WHAT YOU HAVE TO DO:
For the entries below, say how many lines include the word "sumV" and add nothing else.

** RECORDS PROVIDED follows **

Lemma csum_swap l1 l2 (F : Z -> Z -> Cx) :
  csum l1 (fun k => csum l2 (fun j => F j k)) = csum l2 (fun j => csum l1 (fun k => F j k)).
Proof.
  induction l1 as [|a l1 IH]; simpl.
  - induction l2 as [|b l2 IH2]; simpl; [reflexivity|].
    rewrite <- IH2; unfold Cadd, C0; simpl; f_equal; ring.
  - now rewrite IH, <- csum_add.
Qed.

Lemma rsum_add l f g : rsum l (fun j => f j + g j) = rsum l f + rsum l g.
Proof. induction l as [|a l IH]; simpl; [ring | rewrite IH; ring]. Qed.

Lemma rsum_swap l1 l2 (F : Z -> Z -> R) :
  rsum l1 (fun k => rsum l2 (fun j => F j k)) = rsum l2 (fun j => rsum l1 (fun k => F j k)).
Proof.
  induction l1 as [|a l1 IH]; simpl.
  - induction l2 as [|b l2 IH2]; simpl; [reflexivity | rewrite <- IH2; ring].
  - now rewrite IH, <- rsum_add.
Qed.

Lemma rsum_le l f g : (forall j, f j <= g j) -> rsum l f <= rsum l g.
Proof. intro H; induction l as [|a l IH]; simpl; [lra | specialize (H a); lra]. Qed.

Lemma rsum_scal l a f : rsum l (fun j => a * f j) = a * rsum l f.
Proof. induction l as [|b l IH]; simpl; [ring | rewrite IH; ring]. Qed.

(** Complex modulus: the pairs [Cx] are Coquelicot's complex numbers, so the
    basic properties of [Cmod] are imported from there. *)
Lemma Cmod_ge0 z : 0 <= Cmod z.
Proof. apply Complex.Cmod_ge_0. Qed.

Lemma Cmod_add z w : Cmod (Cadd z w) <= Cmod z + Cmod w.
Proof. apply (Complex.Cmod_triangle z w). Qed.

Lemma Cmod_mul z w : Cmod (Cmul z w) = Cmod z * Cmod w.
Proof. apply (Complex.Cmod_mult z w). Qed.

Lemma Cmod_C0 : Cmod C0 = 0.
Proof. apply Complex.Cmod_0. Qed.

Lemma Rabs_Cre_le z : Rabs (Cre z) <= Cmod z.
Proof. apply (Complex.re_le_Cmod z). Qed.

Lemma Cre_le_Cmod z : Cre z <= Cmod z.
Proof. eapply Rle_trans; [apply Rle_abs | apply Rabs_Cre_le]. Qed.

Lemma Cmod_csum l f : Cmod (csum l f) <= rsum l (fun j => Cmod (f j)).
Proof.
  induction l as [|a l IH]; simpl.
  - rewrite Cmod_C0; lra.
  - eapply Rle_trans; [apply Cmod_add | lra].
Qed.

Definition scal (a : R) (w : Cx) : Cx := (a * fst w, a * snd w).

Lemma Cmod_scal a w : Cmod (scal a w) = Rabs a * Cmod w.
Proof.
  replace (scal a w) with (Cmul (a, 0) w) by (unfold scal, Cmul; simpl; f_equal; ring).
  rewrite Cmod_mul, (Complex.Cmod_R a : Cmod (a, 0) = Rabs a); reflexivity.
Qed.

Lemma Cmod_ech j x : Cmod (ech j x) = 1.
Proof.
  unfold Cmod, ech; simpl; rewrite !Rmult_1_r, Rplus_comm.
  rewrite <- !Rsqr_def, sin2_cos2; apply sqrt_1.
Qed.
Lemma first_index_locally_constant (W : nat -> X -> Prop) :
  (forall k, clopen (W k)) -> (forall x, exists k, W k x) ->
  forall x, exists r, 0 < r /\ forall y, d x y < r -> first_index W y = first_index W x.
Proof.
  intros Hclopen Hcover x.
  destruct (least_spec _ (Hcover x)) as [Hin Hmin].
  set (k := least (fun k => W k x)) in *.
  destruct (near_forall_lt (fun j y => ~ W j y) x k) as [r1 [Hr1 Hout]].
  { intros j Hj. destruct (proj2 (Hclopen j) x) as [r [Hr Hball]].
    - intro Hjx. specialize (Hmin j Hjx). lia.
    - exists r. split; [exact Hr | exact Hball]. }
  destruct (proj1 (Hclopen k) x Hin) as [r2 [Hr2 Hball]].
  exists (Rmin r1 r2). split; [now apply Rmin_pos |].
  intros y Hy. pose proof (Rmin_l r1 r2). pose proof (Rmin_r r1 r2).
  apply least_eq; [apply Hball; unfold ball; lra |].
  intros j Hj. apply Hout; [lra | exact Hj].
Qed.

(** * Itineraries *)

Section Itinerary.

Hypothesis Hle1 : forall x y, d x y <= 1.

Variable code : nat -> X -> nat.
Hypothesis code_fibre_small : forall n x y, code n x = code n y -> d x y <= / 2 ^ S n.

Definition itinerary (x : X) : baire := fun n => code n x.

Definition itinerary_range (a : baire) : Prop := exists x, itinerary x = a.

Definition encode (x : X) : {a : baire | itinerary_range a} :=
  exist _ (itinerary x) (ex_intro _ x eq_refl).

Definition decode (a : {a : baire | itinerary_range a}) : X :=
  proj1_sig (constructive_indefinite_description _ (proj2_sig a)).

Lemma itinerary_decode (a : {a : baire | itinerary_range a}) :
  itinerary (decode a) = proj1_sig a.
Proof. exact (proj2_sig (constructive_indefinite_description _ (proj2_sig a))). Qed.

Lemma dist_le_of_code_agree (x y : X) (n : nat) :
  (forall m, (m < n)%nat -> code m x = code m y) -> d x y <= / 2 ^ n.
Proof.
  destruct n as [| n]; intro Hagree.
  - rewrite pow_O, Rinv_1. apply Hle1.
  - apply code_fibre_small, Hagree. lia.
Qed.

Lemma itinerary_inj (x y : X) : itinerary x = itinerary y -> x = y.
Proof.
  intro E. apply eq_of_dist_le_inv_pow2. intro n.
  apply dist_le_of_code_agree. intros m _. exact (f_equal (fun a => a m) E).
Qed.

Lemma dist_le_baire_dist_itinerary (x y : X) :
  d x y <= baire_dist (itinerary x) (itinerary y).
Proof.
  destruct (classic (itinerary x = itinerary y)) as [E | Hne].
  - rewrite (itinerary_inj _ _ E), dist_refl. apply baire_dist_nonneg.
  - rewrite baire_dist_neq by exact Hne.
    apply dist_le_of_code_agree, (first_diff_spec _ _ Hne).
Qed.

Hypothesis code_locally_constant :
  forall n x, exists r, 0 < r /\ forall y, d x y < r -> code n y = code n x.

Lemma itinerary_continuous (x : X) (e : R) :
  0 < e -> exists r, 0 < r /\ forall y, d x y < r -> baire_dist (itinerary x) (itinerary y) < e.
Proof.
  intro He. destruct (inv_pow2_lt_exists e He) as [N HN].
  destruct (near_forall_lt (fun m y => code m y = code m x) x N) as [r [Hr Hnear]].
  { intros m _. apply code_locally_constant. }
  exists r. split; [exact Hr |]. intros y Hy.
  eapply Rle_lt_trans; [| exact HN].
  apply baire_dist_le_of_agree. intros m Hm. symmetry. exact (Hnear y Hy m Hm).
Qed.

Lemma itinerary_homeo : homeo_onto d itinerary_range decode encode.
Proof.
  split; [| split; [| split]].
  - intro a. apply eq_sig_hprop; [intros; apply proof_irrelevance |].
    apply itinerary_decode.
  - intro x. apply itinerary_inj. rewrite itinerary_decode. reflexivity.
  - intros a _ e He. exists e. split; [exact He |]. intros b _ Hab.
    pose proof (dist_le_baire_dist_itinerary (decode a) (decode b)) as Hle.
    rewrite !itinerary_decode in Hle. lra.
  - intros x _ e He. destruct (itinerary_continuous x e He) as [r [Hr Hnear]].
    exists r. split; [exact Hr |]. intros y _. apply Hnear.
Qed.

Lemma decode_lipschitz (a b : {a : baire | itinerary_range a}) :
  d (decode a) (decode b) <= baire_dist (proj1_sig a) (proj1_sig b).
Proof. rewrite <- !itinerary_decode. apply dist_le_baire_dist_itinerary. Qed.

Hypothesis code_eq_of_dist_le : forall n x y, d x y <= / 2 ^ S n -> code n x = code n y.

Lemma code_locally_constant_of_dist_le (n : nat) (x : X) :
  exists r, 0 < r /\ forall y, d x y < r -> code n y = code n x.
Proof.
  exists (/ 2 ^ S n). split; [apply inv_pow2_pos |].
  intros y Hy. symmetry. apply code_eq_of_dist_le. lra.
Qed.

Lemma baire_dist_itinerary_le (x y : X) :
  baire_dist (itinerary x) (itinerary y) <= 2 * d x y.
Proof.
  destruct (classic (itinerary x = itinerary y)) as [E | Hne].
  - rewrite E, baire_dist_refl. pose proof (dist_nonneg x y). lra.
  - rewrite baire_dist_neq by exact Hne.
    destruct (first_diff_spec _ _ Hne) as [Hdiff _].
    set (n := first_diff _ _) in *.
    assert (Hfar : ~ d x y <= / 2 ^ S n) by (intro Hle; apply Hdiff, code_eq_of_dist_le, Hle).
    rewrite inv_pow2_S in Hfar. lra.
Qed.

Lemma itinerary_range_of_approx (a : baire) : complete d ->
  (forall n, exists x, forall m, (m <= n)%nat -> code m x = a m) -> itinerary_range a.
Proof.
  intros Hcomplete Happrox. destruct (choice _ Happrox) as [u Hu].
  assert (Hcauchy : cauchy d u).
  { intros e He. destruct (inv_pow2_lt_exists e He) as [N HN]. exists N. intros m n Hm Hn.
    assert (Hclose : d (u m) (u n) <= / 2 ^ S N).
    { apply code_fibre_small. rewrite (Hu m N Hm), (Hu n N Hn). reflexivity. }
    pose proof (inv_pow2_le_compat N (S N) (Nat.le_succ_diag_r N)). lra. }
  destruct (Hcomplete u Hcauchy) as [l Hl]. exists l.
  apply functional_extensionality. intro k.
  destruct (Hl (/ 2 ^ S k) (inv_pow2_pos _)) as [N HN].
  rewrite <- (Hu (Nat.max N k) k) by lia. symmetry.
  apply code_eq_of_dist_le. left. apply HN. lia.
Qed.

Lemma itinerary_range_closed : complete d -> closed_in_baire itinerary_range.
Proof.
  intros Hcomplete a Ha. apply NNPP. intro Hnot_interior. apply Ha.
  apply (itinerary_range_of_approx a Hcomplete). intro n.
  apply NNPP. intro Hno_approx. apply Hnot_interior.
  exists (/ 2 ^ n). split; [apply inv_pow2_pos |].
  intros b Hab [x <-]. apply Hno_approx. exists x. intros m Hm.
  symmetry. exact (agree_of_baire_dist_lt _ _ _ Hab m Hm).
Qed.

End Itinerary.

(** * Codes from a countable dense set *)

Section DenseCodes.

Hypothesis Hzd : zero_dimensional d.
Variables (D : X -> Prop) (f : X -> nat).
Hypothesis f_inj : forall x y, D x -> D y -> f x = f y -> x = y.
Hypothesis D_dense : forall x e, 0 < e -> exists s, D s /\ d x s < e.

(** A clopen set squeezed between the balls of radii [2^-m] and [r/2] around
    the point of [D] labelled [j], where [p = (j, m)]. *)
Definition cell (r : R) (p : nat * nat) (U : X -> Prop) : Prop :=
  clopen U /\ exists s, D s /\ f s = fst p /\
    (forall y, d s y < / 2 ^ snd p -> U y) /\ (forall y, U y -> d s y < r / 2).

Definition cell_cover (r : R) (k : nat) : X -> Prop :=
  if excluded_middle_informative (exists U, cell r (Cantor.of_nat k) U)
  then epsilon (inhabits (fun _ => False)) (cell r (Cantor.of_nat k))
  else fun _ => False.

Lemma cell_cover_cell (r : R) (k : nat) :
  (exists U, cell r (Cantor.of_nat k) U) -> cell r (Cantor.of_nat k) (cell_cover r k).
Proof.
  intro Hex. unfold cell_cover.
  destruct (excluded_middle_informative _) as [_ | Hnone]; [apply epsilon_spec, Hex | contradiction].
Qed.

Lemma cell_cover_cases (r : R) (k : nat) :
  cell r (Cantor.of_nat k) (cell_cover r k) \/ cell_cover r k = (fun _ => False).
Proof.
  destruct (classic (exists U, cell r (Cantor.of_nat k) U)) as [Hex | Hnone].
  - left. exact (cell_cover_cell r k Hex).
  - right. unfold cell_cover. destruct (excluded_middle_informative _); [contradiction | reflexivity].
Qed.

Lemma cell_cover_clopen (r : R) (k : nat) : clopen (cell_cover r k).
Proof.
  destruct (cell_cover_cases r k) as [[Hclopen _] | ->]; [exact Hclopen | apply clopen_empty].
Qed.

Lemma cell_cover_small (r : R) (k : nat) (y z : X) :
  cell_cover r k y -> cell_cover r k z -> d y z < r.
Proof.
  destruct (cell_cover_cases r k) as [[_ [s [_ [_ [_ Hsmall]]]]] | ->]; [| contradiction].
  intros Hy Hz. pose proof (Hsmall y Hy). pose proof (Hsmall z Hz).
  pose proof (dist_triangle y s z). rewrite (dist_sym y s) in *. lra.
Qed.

** End of RECORDS PROVIDED **
** RECORDS PROVIDED follows **

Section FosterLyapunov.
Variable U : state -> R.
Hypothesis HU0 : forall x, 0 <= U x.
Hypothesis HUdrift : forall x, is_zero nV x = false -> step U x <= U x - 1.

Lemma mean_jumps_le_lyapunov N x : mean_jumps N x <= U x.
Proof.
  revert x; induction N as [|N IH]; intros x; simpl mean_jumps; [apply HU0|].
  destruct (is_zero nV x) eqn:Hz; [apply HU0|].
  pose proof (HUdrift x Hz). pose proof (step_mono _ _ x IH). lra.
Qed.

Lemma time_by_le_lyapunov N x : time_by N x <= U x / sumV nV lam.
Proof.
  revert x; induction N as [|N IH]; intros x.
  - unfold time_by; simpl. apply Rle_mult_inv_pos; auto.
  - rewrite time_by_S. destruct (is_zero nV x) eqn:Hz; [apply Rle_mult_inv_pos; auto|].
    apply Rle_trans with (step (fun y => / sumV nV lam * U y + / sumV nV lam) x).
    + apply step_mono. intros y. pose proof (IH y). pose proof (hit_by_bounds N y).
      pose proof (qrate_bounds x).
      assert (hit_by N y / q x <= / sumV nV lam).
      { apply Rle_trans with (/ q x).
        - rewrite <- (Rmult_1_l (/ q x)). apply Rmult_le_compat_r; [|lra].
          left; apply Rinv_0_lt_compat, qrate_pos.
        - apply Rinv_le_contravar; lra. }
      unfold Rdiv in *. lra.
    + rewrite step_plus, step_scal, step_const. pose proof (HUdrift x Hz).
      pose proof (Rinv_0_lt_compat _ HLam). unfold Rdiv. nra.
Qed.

** End of RECORDS PROVIDED **

RESPONSE TO THIS EXERCISE:
3